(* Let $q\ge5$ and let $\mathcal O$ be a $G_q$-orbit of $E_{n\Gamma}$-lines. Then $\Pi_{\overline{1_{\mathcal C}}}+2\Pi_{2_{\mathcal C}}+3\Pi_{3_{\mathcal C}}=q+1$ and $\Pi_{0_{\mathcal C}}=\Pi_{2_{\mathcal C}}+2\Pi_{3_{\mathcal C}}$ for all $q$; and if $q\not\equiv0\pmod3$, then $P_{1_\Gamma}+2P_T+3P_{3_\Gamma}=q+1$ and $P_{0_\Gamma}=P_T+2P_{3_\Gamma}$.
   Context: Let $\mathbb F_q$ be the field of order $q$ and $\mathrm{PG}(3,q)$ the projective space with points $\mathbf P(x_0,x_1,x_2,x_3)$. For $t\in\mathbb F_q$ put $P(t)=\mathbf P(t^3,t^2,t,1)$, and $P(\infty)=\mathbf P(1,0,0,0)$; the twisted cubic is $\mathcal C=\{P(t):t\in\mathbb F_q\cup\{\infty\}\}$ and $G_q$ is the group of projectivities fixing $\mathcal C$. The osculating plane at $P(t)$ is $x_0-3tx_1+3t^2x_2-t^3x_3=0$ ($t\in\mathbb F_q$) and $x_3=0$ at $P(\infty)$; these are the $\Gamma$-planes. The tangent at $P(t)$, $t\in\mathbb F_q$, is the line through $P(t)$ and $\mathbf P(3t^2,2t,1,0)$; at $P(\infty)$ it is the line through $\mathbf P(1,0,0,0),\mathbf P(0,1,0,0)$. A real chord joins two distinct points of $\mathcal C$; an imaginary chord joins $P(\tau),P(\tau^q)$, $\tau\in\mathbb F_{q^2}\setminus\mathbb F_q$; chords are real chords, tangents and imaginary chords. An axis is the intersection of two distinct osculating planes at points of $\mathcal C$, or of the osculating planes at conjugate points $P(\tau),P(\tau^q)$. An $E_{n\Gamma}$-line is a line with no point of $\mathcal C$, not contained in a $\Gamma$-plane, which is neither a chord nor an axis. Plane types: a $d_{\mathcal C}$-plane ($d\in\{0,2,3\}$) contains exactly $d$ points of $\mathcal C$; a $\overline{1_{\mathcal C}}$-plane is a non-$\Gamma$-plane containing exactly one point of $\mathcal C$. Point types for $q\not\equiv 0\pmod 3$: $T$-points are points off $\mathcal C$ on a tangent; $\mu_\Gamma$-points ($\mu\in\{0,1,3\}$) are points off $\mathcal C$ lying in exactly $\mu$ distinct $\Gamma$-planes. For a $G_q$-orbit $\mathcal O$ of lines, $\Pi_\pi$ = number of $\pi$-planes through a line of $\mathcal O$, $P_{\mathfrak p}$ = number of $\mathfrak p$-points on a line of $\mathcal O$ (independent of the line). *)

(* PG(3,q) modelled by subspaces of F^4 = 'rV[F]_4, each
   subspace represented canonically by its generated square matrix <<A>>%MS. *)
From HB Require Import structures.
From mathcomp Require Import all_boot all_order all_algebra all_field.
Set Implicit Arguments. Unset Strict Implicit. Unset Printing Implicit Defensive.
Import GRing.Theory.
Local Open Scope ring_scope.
····················
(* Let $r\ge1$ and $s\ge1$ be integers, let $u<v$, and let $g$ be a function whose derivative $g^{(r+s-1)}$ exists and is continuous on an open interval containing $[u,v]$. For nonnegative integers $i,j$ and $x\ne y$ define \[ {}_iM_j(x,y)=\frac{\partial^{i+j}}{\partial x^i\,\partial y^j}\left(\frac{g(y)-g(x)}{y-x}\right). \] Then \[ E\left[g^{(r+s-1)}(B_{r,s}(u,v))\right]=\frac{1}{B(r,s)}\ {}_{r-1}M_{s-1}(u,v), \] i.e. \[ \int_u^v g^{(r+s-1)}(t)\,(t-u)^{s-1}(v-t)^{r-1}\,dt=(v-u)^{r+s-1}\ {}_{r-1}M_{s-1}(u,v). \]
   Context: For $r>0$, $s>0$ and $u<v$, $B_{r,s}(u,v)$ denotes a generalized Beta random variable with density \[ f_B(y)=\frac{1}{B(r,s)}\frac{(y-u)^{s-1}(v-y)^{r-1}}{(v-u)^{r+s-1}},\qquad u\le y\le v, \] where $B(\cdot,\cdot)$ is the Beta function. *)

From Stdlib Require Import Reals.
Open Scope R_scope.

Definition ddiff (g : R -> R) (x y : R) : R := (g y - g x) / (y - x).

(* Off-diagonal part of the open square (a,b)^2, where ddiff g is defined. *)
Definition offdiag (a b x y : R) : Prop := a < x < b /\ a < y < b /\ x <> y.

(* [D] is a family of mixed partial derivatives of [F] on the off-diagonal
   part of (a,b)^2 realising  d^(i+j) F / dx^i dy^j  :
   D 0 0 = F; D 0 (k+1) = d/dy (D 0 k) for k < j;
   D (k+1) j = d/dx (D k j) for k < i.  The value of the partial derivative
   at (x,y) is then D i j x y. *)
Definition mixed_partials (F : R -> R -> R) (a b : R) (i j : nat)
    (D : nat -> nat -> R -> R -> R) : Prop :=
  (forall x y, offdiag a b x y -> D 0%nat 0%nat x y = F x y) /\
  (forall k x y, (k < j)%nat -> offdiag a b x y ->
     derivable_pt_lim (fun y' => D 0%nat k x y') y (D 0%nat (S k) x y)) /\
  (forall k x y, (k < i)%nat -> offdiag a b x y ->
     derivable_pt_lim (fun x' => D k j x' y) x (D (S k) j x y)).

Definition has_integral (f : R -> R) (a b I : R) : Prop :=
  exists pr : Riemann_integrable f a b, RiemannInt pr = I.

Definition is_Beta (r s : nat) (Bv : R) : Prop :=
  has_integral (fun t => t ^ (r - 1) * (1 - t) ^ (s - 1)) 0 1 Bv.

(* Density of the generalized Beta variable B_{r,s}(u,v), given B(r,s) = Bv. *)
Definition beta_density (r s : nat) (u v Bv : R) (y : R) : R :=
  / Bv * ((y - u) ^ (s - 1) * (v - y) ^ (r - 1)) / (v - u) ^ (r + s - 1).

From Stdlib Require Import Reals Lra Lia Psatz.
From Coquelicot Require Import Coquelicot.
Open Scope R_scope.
····················
WORK INSTRUCTIONS -
For the records above, state how many lines contain "square", and nothing more.

RESPONSE TO THIS TASK -
2